« Et incarnatus est »
Seigneur, pour moi aussi ! Elle était donc pour moi
Celle que j’avais vue aux mères tant de fois :
Cette Joie et cette couronne d’allégresse !
Seigneur – à moi aussi – vous en faites promesse ?
Moi aussi je serai la terre où vous semez ?
Le grain qui tout à coup défaille de germer,
Ce grain qui tient en lui mille graines futures,
Seigneur – à moi aussi – de par Votre main sûre ?
Ô prélude de Bach à mon cœur visité
Que les anges un jour ont eux-mêmes chanté
À celle qui tombait devant eux, titubante,
Avec sa Joie et sa détresse de servante !
Ce sont les mêmes mots et c’est le même effroi !
Mes mains sans le vouloir se sont jointes sur moi
Comme pour contenir tout un flux qui m’oppresse !
Seigneur – à moi aussi ?... De par Votre sagesse ?...
Ah ! Dieu, œuvrez encore en Votre nouveauté,
Faites de toute nuit surgir toute clarté,
Que voulez-vous de moi qui n’ai rien de solide
Ni rien de tout mauvais, ni rien de tout limpide !
Un besoin de tout perdre et de recommencer !
Un besoin de renaître et de se surpasser !
De consacrer l’enfant de mystique tonsure
Malgré ce cœur tout à l’humaine pourriture !
Moi aussi ! moi aussi ! oh ! radieux secret !
Je regarde chacune et la quitte à regret
Je voudrais demander ce soir à chaque femme
Le poids ombreux de ce fruit d’amour à leur âme.

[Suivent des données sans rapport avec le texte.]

(* Let $q$ be a power of an odd prime $p$, $G=\mathrm{SU}_3(q)$, and let $\mathcal{C}=C_2^{(0)}$. Then $K_{\mathcal{C}}$ is irreducible.
   Context: $\mathrm{SU}_3(q)$ is the group of determinant-one matrices $M\in\mathrm{GL}_3(q^2)$ with $M^*JM=J$, where $J$ has ones on the anti-diagonal and zeros elsewhere and $M^*$ is the transpose of $M$ with every entry raised to the $q$-th power. $C_2^{(0)}$ is the $\mathrm{SU}_3(q)$-conjugacy class containing the matrices $\begin{pmatrix}1&0&a\\0&1&0\\0&0&1\end{pmatrix}$ with $a\in\mathbb{F}_{q^2}^\times$, $a+a^q=0$. For a finite group $G$ and a subset $\mathcal{C}\subseteq G\setminus\{1\}$ closed under conjugation, the Killing form is $K_{\mathcal{C}}(a,b)=|C_G(ab)\cap\mathcal{C}|$ on the basis $\mathcal{C}$; it is irreducible if the graph with vertex set $\mathcal{C}$, in which distinct $a,b$ are adjacent iff $C_G(ab)\cap\mathcal{C}\neq\emptyset$, is connected. *)

From HB Require Import structures.
From mathcomp Require Import all_boot all_order all_algebra all_fingroup all_field.
Set Implicit Arguments. Unset Strict Implicit. Unset Printing Implicit Defensive.
Import GRing.Theory.
Local Open Scope ring_scope.
Local Open Scope group_scope.

(* Killing form K_C(a,b) = |C_G(ab) ∩ C| on a finite group, and its
   irreducibility: the graph on C (distinct a,b adjacent iff C_G(ab) ∩ C
   is nonempty) is connected. *)
Definition killing_form (gT : finGroupType) (G C : {set gT}) (a b : gT) : nat :=
  #|'C_G[a * b] :&: C|.

Definition killing_adj (gT : finGroupType) (G C : {set gT}) : rel gT :=
  [rel a b | [&& a \in C, b \in C, a != b & (0 < killing_form G C a b)%N]].

Definition killing_irreducible (gT : finGroupType) (G C : {set gT}) : Prop :=
  forall a b, a \in C -> b \in C -> connect (killing_adj G C) a b.

Definition Jmx (F : fieldType) : 'M[F]_3 :=
  \matrix_(i < 3, j < 3) (if (i + j == 2)%N then 1%R else 0%R).

Definition qstar (F : fieldType) (q : nat) (M : 'M[F]_3) : 'M[F]_3 :=
  (map_mx (fun x : F => (x ^+ q)%R) M)^T.

(* SU_3(q) inside GL_3(F), where F is a field with q^2 elements *)
Definition SU3 (F : finFieldType) (q : nat) : {set {'GL_3[F]}} :=
  [set g : {'GL_3[F]} | (\det (GLval g) == 1%R)
      && (qstar q (GLval g) *m Jmx F *m GLval g == Jmx F)].

Definition transv (F : fieldType) (a : F) : 'M[F]_3 :=
  (1%:M + a *: delta_mx 0 2)%R.

Definition C20 (F : finFieldType) (q : nat) (a : F) : {set {'GL_3[F]}} :=
  [set g : {'GL_3[F]} | [exists h in SU3 F q,
      GLval g == invmx (GLval h) *m transv a *m GLval h]].

From HB Require Import structures.
From mathcomp Require Import all_boot all_order all_algebra all_fingroup all_field.
From mathcomp Require Import ring.
Set Implicit Arguments. Unset Strict Implicit. Unset Printing Implicit Defensive.
Import GRing.Theory.
Local Open Scope ring_scope.

(* Write s for the involution x |-> x^q of F, h(u, w) = u^* J w for the hermitian form
   preserved by SU_3(q), and t_v = 1 + a v v^* J.  The class C consists exactly of the
   t_v with v a nonzero isotropic vector, because SU_3(q) is transitive on such vectors.
   Transvections with proportional centres commute, hence are adjacent.  If
   a h(u, w) = 2, then u + w is isotropic and t_u t_w (u + w) = -(u + w), so t_(u+w)
   commutes with t_u t_w and t_u, t_w are adjacent.  For any t_v, either v is a multiple
   of e0, or h(e0, v) <> 0 and some multiple w of v has a h(e0, w) = 2: in both cases
   t_v is at most two steps away from t_e0.  Adjacency is symmetric because C is a
   conjugacy class, so the graph is connected. *)

Section KillingGraph.
Local Open Scope group_scope.
Variables (gT : finGroupType) (G : {group gT}) (C : {set gT}).
Hypothesis sCG : C \subset G.

Lemma killing_adj_sym : G \subset 'N(C) -> symmetric (killing_adj G C).
Proof.
move=> nCG; suff adj_sym a b : killing_adj G C a b -> killing_adj G C b a.
  by move=> a b; apply/idP/idP; apply: adj_sym.
case/and4P=> aC bC neq_ab /card_gt0P[c /setIP[/setIP[cG cabc] cC]].
rewrite /killing_adj /= bC aC eq_sym neq_ab; apply/card_gt0P; exists (c ^ a).
have aG := subsetP sCG a aC.
rewrite inE (memJ_norm c (subsetP nCG a aG)) cC andbT inE groupJ //=.
have -> : b * a = (a * b) ^ a by rewrite conjgE !mulgA mulVg mul1g.
by rewrite cent1J memJ_conjg.
Qed.

Lemma killing_connect_commute a b c : a \in C -> b \in C -> c \in C ->
  commute c (a * b) -> connect (killing_adj G C) a b.
Proof.
move=> aC bC cC cab; have [-> | neq_ab] := eqVneq a b; first exact: connect0.
apply: connect1; rewrite /killing_adj /= aC bC neq_ab; apply/card_gt0P; exists c.
by rewrite inE cC andbT inE (subsetP sCG) //=; apply/cent1P.
Qed.

End KillingGraph.

Section GeneralLinear.
Variables (n : nat) (R : finComUnitRingType).

(* [GLof M] is the identity when [M] is singular. *)
Definition GLof (M : 'M[R]_n.+1) : {'GL_n.+1[R]} := insubd (1%g : {'GL_n.+1[R]}) M.

Lemma GLofK M : M \in unitmx -> GLval (GLof M) = M.
Proof. by move=> Mu; rewrite insubdK. Qed.

Lemma GLval_inj : injective (@GLval n.+1 R).
Proof. exact: val_inj. Qed.

Lemma GL_conjgE (g h : {'GL_n.+1[R]}) : GLval (g ^ h)%g = invmx h *m g *m h.
Proof. by rewrite conjgE !GL_MxE GL_VxE mulmxA. Qed.

End GeneralLinear.

Section Coordinates3.
Variable R : comNzRingType.

Definition mx3 (a00 a01 a02 a10 a11 a12 a20 a21 a22 : R) : 'M[R]_3 :=
  \matrix_(i, j) nth 0 (nth [::] [:: [:: a00; a01; a02];
                                     [:: a10; a11; a12];
                                     [:: a20; a21; a22]] i) j.

Definition col3 (x0 x1 x2 : R) : 'cV[R]_3 := \col_i nth 0 [:: x0; x1; x2] i.

Definition e0 : 'cV[R]_3 := col3 1 0 0.

Lemma col3_eta (v : 'cV[R]_3) : v = col3 (v 0 0) (v 1 0) (v 2 0).
Proof.
apply/matrixP => i j; rewrite mxE [j]ord1.
by case: i => [[|[|[|//]]] ?]; congr (v _ _); apply: val_inj.
Qed.

Lemma scale_col3 c x0 x1 x2 : c *: col3 x0 x1 x2 = col3 (c * x0) (c * x1) (c * x2).
Proof. by apply/matrixP => i j; rewrite !mxE; case: i => [[|[|[|//]]] ?]. Qed.

Lemma mulmx3 a00 a01 a02 a10 a11 a12 a20 a21 a22 b00 b01 b02 b10 b11 b12 b20 b21 b22 :
  mx3 a00 a01 a02 a10 a11 a12 a20 a21 a22 *m mx3 b00 b01 b02 b10 b11 b12 b20 b21 b22 =
  mx3 (a00*b00+a01*b10+a02*b20) (a00*b01+a01*b11+a02*b21) (a00*b02+a01*b12+a02*b22)
      (a10*b00+a11*b10+a12*b20) (a10*b01+a11*b11+a12*b21) (a10*b02+a11*b12+a12*b22)
      (a20*b00+a21*b10+a22*b20) (a20*b01+a21*b11+a22*b21) (a20*b02+a21*b12+a22*b22).
Proof.
apply/matrixP => i j; rewrite !mxE !big_ord_recr big_ord0 /= !mxE add0r.
by case: i => [[|[|[|//]]] ?]; case: j => [[|[|[|//]]] ?].
Qed.

Lemma mulmx3_col a00 a01 a02 a10 a11 a12 a20 a21 a22 x0 x1 x2 :
  mx3 a00 a01 a02 a10 a11 a12 a20 a21 a22 *m col3 x0 x1 x2 =
  col3 (a00*x0+a01*x1+a02*x2) (a10*x0+a11*x1+a12*x2) (a20*x0+a21*x1+a22*x2).
Proof.
apply/matrixP => i j; rewrite !mxE !big_ord_recr big_ord0 /= !mxE add0r.
by case: i => [[|[|[|//]]] ?].
Qed.

Lemma map_trmx3 (f : R -> R) a00 a01 a02 a10 a11 a12 a20 a21 a22 :
  (map_mx f (mx3 a00 a01 a02 a10 a11 a12 a20 a21 a22))^T =
  mx3 (f a00) (f a10) (f a20) (f a01) (f a11) (f a21) (f a02) (f a12) (f a22).
Proof.
apply/matrixP => i j; rewrite !mxE.
by case: i => [[|[|[|//]]] ?]; case: j => [[|[|[|//]]] ?].
Qed.

Lemma det_mx3 a00 a01 a02 a10 a11 a12 a20 a21 a22 :
  \det (mx3 a00 a01 a02 a10 a11 a12 a20 a21 a22) =
  a00 * (a11 * a22 - a12 * a21) - a01 * (a10 * a22 - a12 * a20)
    + a02 * (a10 * a21 - a11 * a20).
Proof.
rewrite (expand_det_row _ 0) !big_ord_recr big_ord0 /= add0r /cofactor.
rewrite !(expand_det_row _ ord0) !big_ord_recr big_ord0 /= !add0r /cofactor.
by rewrite !det_mx11 !mxE /= !big_ord0; ring.
Qed.

End Coordinates3.

Arguments e0 {R}.

Lemma Jmx_mx3 (F : fieldType) : Jmx F = mx3 0 0 1 0 1 0 1 0 0.
Proof.
apply/matrixP => i j; rewrite !mxE.
by case: i => [[|[|[|//]]] ?]; case: j => [[|[|[|//]]] ?].
Qed.

Lemma transv_mx3 (F : fieldType) (b : F) : transv b = mx3 1 0 b 0 1 0 0 0 1.
Proof.
apply/matrixP => i j; rewrite !mxE.
by case: i => [[|[|[|//]]] ?]; case: j => [[|[|[|//]]] ?]; rewrite /= ?mulr0 ?mulr1 ?addr0 ?add0r.
Qed.

Lemma det_transv (F : fieldType) (b : F) : \det (transv b) = 1.
Proof. by rewrite transv_mx3 det_mx3; ring. Qed.

Section HermitianForm.
Variables (F : fieldType) (s : {rmorphism F -> F}).
Hypothesis sK : involutive s.

Local Notation J := (Jmx F).

Definition adjmx m n (A : 'M[F]_(m, n)) : 'M[F]_(n, m) := (map_mx s A)^T.

Lemma adjmxM m n r (A : 'M[F]_(m, n)) (B : 'M[F]_(n, r)) :
  adjmx (A *m B) = adjmx B *m adjmx A.
Proof. by rewrite /adjmx map_mxM trmx_mul. Qed.

Lemma adjmxD m n (A B : 'M[F]_(m, n)) : adjmx (A + B) = adjmx A + adjmx B.
Proof. by rewrite /adjmx map_mxD linearD. Qed.

Lemma adjmxZ m n c (A : 'M[F]_(m, n)) : adjmx (c *: A) = s c *: adjmx A.
Proof. by rewrite /adjmx map_mxZ linearZ. Qed.

Lemma adjmxK m n : cancel (@adjmx m n) (@adjmx n m).
Proof. by move=> A; apply/matrixP => i j; rewrite !mxE sK. Qed.

Lemma adjmx1 n : adjmx (1%:M : 'M[F]_n) = 1%:M.
Proof. by rewrite /adjmx map_mx1 trmx1. Qed.

Lemma adjmxJ : adjmx J = J.
Proof.
apply/matrixP => i j; rewrite !mxE addnC.
by case: ifP; rewrite ?rmorph0 ?rmorph1.
Qed.

Definition hform (u w : 'cV[F]_3) : F := (adjmx u *m J *m w) 0 0.

Definition isotropic u := hform u u == 0.

Definition unitarymx (M : 'M[F]_3) := adjmx M *m J *m M == J.

Lemma hform_mx u w : adjmx u *m J *m w = (hform u w)%:M.
Proof. exact: mx11_scalar. Qed.

Lemma hformDl u v w : hform (u + v) w = hform u w + hform v w.
Proof. by rewrite /hform adjmxD !mulmxDl mxE. Qed.

Lemma hformZl c u w : hform (c *: u) w = s c * hform u w.
Proof. by rewrite /hform adjmxZ -!scalemxAl mxE. Qed.

Lemma hformDr u v w : hform u (v + w) = hform u v + hform u w.
Proof. by rewrite /hform mulmxDr mxE. Qed.

Lemma hformZr c u w : hform u (c *: w) = c * hform u w.
Proof. by rewrite /hform -scalemxAr mxE. Qed.

Lemma hformNr u w : hform u (- w) = - hform u w.
Proof. by rewrite -scaleN1r hformZr mulN1r. Qed.

Lemma hformC u w : s (hform u w) = hform w u.
Proof.
have adjmx11 (X : 'M[F]_1) : s (X 0 0) = adjmx X 0 0 by rewrite !mxE.
by rewrite adjmx11 !adjmxM adjmxK adjmxJ mulmxA.
Qed.

Lemma hform_col3 x0 x1 x2 y0 y1 y2 :
  hform (col3 x0 x1 x2) (col3 y0 y1 y2) = s x0 * y2 + s x1 * y1 + s x2 * y0.
Proof.
rewrite /hform Jmx_mx3 -mulmxA mulmx3_col !mxE !big_ord_recr big_ord0 /= !mxE /=.
by rewrite !mul0r !mul1r !addr0 !add0r.
Qed.

Lemma hform_unitarymx M u w : unitarymx M -> hform (M *m u) (M *m w) = hform u w.
Proof.
move=> /eqP uM.
by rewrite /hform adjmxM !mulmxA -(mulmxA _ _ J) -(mulmxA _ _ M) uM.
Qed.

Lemma unitarymx_mul A B : unitarymx A -> unitarymx B -> unitarymx (A *m B).
Proof.
move=> /eqP uA /eqP uB; apply/eqP.
by rewrite adjmxM !mulmxA -(mulmxA (adjmx B)) -(mulmxA (adjmx B)) uA uB.
Qed.

Lemma adjmx_invmx_J M : M \in unitmx -> unitarymx M -> adjmx (invmx M) *m J = J *m M.
Proof.
move=> Mu /eqP uM.
by rewrite -{1}uM !mulmxA -adjmxM mulmxV // adjmx1 mul1mx.
Qed.

Lemma unitarymx_inv M : M \in unitmx -> unitarymx M -> unitarymx (invmx M).
Proof.
by move=> Mu uM; rewrite /unitarymx adjmx_invmx_J // -mulmxA mulmxV // mulmx1.
Qed.

Definition transvection (u : 'cV[F]_3) (b : F) : 'M[F]_3 :=
  1%:M + b *: (u *m adjmx u *m J).

Lemma transvection0 u : transvection u 0 = 1%:M.
Proof. by rewrite /transvection scale0r addr0. Qed.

J’ai des mots tout nouveaux pour juger des enfants,
De doux cris puérils, des rêves triomphants !
Je le vois qui rira, et qui dans sa voiture
Aura cette attitude et cette couverture.
Ah ! Dieu composez-le sans fiel et sans frayeur !
Accomplissez mon corps et déchirez mon cœur
Pour que je ne sois plus qu’une vivante offrande
Au tout petit enfant dont vous me faites grande !
Et dépassez encor selon Vos plans à Vous
Ce soupir de mon cœur qui tombe à Vos genoux,
Pour que je ne sois plus que la bonne lumière
Où le petit enfant verra toute la terre !
Geneviève USAIRE, Au jardin de Peau d’Âne, 1945.